What to do
Take the entries below and print only the lines from the one with "Definition vadd n" through the one with "Definition cvR n", exactly as they stand, both ends included.

Dataset entries
◇ ◇ ◇ ◇ ◇ ◇ ◇
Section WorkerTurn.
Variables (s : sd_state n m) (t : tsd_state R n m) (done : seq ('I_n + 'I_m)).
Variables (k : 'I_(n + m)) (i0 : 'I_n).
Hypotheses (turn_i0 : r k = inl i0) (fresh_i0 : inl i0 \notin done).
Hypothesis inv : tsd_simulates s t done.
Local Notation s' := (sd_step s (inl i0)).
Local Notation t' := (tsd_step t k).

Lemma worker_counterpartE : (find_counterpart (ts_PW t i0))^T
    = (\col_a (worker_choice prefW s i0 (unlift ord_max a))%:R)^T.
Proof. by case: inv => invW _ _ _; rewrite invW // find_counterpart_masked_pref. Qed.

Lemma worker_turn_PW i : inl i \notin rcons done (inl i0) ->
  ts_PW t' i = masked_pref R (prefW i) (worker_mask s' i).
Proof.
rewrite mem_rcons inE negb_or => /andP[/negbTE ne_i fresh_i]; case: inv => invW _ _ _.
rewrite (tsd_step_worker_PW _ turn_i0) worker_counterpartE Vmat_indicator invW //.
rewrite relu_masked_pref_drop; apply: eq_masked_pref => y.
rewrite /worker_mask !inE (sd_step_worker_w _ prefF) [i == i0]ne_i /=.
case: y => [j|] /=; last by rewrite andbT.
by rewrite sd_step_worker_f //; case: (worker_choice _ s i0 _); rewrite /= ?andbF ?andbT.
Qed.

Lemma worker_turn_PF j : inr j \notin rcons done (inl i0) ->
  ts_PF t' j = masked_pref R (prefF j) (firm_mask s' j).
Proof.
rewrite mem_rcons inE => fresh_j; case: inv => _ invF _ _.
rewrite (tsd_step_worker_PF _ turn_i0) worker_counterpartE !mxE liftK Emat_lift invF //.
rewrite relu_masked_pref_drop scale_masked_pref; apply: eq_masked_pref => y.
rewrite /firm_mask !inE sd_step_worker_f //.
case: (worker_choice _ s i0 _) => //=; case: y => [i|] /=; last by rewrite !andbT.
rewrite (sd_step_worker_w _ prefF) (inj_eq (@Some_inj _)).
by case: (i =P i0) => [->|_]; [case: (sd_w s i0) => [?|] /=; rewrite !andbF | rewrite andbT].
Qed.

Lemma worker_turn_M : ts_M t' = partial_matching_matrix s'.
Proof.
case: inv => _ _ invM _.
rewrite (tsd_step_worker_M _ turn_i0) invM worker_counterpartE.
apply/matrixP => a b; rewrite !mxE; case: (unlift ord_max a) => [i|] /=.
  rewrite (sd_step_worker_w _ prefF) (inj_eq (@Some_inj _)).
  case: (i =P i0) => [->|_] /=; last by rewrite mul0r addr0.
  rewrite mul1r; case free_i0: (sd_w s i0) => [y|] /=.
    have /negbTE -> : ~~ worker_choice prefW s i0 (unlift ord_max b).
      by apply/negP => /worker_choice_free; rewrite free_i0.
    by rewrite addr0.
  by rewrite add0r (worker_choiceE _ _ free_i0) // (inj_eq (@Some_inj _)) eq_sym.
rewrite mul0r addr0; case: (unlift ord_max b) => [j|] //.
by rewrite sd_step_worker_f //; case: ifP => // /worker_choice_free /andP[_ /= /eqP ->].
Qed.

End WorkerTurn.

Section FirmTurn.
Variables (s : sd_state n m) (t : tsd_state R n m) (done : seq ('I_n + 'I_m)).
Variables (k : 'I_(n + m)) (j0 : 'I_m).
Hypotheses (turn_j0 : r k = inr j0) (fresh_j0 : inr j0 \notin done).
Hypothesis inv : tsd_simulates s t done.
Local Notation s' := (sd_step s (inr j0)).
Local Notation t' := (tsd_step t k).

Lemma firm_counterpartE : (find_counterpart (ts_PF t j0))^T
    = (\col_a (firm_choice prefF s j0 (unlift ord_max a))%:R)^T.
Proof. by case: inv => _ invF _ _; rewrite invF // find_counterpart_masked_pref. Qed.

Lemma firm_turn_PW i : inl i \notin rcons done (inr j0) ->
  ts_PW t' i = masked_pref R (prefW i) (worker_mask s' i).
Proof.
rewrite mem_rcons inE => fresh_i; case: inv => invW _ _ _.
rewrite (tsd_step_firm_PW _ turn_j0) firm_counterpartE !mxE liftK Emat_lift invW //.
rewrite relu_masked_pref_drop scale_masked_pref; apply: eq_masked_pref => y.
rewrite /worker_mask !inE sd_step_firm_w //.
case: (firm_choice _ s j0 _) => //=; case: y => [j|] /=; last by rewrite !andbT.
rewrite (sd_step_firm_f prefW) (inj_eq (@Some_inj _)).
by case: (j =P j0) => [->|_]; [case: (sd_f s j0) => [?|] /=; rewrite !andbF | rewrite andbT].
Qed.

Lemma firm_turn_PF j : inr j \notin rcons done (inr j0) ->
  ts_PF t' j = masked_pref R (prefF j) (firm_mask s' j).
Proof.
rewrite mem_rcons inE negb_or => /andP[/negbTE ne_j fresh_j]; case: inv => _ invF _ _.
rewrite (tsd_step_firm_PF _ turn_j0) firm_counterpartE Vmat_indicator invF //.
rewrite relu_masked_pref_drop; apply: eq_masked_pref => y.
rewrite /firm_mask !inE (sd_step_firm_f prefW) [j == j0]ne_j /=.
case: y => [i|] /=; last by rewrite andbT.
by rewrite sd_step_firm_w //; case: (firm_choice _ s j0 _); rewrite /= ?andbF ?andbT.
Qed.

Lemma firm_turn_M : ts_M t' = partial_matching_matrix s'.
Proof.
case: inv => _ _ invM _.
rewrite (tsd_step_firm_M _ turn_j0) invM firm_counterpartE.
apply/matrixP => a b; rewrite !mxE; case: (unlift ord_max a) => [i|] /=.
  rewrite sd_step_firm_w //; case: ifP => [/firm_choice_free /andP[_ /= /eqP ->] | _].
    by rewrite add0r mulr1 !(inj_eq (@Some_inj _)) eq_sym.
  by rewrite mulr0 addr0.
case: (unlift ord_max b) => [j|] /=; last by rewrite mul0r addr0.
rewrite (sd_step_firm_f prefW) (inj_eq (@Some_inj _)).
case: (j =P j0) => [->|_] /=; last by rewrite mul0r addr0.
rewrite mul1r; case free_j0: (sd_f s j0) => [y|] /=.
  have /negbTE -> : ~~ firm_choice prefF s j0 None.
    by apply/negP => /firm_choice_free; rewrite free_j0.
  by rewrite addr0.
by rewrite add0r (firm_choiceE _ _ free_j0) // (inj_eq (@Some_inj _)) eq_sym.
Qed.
◇ ◇ ◇ ◇ ◇ ◇ ◇
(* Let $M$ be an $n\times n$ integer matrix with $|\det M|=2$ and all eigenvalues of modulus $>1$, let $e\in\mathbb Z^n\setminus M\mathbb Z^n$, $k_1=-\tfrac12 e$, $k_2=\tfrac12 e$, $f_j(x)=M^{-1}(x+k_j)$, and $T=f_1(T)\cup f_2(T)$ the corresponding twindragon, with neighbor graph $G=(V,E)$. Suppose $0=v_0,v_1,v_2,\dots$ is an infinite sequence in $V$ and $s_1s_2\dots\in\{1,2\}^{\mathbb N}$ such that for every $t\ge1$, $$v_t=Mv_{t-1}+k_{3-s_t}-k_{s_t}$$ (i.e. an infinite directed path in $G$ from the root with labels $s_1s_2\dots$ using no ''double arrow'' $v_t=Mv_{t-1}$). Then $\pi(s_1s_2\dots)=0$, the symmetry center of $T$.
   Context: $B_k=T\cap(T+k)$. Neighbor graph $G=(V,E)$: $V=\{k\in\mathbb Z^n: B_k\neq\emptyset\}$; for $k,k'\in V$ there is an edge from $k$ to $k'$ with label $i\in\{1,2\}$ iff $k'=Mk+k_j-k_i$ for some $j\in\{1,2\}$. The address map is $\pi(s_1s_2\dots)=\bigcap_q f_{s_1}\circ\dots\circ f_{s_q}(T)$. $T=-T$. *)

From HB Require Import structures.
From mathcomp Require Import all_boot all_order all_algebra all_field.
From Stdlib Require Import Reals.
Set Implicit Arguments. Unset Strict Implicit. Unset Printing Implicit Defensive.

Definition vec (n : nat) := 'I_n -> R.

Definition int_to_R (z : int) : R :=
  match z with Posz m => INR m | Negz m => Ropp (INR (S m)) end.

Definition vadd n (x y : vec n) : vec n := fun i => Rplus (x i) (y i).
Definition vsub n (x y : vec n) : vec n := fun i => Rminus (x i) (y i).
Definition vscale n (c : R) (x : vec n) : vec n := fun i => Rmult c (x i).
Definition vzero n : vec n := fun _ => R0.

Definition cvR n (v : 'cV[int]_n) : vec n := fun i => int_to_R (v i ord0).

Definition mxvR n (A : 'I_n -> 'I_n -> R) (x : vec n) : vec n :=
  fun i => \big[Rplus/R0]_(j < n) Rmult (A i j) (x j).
◇ ◇ ◇ ◇ ◇ ◇ ◇
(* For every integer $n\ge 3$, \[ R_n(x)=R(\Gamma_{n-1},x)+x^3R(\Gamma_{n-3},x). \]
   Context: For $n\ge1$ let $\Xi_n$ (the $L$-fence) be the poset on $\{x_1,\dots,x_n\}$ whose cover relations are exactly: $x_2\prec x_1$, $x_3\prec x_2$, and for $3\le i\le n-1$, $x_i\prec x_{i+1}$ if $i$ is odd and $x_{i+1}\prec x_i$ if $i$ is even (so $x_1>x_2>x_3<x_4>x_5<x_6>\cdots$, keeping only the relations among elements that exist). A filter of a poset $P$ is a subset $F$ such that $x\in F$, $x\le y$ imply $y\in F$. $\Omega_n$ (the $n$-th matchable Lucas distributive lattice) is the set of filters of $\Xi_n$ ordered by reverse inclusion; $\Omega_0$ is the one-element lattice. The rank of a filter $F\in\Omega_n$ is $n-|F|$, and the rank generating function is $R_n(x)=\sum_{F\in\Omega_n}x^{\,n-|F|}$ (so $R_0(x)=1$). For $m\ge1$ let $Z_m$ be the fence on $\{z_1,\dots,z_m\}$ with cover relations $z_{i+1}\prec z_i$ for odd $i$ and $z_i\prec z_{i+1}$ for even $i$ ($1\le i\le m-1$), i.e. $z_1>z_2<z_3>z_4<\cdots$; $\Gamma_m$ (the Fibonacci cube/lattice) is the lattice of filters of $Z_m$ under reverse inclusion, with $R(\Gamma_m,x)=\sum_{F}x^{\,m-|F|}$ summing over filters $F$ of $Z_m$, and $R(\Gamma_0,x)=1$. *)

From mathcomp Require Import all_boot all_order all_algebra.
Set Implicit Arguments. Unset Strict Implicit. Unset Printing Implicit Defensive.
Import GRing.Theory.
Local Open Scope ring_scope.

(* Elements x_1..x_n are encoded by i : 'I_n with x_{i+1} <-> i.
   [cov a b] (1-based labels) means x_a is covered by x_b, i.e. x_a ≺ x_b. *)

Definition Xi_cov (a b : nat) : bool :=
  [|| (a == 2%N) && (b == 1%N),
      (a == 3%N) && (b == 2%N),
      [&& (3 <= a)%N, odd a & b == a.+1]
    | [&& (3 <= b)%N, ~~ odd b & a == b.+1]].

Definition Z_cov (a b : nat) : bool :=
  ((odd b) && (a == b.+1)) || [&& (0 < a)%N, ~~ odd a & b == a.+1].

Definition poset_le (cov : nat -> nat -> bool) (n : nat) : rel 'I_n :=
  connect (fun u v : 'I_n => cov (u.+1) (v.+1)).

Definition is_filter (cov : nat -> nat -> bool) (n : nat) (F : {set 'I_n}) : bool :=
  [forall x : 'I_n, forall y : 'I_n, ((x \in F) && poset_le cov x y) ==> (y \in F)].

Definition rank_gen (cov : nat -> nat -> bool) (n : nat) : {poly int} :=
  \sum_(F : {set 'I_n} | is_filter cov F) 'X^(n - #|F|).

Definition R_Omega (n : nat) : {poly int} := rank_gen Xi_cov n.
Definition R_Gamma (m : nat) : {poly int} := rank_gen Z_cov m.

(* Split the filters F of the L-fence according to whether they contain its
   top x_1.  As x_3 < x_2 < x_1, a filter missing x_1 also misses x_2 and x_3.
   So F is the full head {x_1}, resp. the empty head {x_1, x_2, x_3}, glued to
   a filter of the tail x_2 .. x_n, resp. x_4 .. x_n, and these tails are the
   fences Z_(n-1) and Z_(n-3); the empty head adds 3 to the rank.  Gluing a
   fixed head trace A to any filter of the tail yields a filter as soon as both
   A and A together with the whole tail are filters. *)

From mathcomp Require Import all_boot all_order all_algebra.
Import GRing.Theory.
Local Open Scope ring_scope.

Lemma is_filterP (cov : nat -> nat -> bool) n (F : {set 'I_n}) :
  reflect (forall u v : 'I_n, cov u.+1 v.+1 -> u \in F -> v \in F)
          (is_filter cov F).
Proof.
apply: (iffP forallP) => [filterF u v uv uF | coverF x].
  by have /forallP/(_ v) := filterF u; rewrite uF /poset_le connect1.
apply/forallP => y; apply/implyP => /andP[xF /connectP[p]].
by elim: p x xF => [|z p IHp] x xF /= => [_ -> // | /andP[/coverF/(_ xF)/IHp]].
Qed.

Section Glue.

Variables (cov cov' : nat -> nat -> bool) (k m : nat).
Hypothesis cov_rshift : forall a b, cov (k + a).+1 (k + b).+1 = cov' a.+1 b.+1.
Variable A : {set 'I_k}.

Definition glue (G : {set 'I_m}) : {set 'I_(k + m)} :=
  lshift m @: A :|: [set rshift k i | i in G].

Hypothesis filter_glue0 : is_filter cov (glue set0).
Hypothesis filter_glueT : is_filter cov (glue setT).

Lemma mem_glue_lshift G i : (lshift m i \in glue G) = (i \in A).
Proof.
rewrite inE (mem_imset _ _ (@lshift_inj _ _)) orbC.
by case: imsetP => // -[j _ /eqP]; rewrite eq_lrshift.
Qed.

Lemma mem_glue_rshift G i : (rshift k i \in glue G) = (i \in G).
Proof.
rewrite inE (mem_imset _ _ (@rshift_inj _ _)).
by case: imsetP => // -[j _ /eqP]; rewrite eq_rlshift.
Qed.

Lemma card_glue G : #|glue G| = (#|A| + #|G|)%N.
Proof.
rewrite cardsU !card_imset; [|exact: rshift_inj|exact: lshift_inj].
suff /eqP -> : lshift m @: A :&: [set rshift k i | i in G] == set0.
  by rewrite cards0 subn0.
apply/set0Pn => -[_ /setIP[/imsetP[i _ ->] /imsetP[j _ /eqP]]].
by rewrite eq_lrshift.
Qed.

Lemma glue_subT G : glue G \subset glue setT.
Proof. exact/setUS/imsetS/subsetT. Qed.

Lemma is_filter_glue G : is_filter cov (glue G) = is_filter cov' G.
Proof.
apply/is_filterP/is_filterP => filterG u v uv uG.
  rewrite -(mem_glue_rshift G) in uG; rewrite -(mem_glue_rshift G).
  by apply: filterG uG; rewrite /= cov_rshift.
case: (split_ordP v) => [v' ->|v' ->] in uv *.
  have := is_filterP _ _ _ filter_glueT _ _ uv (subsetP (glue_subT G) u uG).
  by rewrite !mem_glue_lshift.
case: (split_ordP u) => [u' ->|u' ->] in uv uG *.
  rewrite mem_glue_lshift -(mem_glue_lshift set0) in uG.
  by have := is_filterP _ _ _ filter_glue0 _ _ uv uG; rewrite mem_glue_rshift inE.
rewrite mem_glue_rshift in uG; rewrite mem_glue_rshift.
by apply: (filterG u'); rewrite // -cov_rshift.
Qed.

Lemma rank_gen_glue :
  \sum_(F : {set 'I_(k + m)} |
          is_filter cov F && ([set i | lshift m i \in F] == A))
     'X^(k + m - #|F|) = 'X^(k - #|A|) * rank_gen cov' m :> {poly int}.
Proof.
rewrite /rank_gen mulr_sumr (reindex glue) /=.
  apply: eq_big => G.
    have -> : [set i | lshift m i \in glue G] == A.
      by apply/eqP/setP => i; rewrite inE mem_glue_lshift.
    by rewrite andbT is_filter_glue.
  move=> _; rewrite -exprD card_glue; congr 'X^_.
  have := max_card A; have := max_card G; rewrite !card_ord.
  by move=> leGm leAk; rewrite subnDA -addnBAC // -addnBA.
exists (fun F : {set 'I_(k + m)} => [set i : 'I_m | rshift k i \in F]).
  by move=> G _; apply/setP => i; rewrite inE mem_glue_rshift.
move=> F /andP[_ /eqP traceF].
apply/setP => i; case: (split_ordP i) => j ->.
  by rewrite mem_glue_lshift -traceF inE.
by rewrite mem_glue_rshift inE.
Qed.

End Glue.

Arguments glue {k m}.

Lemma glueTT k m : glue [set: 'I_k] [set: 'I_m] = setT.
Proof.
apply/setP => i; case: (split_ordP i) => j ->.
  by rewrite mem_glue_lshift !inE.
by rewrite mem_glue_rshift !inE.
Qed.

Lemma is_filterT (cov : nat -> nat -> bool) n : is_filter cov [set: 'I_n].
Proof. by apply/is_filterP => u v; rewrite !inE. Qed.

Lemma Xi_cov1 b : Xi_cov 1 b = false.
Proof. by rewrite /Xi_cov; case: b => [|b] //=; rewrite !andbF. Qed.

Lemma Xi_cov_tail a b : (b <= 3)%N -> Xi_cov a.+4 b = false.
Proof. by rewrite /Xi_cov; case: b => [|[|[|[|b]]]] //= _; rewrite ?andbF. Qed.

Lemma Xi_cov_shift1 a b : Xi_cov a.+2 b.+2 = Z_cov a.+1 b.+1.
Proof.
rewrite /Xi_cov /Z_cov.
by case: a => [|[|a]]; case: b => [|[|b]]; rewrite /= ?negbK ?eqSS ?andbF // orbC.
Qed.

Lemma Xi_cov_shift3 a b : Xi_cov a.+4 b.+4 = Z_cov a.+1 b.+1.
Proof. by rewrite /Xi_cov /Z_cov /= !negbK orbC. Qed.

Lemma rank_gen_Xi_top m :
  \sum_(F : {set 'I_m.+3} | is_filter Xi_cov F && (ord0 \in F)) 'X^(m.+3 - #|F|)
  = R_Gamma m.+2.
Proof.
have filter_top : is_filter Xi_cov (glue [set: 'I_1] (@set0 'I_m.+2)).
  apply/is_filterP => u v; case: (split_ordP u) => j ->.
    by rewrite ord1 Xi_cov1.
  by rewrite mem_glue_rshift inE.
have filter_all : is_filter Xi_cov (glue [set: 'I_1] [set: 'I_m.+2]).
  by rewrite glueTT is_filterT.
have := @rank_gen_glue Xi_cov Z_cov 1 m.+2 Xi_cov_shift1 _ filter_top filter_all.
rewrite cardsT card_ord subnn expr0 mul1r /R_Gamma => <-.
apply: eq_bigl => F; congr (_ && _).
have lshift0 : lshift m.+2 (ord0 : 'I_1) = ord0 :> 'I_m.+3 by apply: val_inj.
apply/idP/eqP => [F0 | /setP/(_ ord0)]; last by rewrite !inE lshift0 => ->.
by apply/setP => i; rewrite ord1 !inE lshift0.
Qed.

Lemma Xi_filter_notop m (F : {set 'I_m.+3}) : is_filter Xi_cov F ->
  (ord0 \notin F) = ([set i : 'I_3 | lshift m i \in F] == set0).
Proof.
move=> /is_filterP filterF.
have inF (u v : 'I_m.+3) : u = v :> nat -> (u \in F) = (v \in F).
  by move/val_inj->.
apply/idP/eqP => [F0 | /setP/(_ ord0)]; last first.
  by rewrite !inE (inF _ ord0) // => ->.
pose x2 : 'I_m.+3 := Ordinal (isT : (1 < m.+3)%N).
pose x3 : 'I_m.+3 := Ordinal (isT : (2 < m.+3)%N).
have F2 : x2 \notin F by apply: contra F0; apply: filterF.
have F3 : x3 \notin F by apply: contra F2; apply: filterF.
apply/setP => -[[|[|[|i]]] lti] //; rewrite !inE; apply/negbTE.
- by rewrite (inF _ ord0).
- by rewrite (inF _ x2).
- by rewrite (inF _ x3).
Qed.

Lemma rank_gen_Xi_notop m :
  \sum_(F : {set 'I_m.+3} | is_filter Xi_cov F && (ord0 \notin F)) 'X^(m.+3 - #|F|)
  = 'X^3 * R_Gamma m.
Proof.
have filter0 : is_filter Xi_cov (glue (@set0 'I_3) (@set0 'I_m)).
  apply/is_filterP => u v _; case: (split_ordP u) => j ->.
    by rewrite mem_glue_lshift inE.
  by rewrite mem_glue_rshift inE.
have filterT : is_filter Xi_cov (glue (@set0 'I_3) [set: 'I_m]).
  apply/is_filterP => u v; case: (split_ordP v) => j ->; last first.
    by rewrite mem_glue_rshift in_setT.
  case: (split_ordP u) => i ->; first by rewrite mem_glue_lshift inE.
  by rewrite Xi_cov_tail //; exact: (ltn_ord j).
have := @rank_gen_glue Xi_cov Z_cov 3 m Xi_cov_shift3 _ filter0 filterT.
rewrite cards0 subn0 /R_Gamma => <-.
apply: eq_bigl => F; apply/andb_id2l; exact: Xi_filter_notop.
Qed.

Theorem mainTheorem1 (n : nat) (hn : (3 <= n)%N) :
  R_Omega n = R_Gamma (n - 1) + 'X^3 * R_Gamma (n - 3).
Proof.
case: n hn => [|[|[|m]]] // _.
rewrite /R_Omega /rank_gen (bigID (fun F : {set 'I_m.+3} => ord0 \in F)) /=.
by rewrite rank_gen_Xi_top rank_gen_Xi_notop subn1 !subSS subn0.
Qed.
◇ ◇ ◇ ◇ ◇ ◇ ◇
The answer
Definition vadd n (x y : vec n) : vec n := fun i => Rplus (x i) (y i).
Definition vsub n (x y : vec n) : vec n := fun i => Rminus (x i) (y i).
Definition vscale n (c : R) (x : vec n) : vec n := fun i => Rmult c (x i).
Definition vzero n : vec n := fun _ => R0.

Definition cvR n (v : 'cV[int]_n) : vec n := fun i => int_to_R (v i ord0).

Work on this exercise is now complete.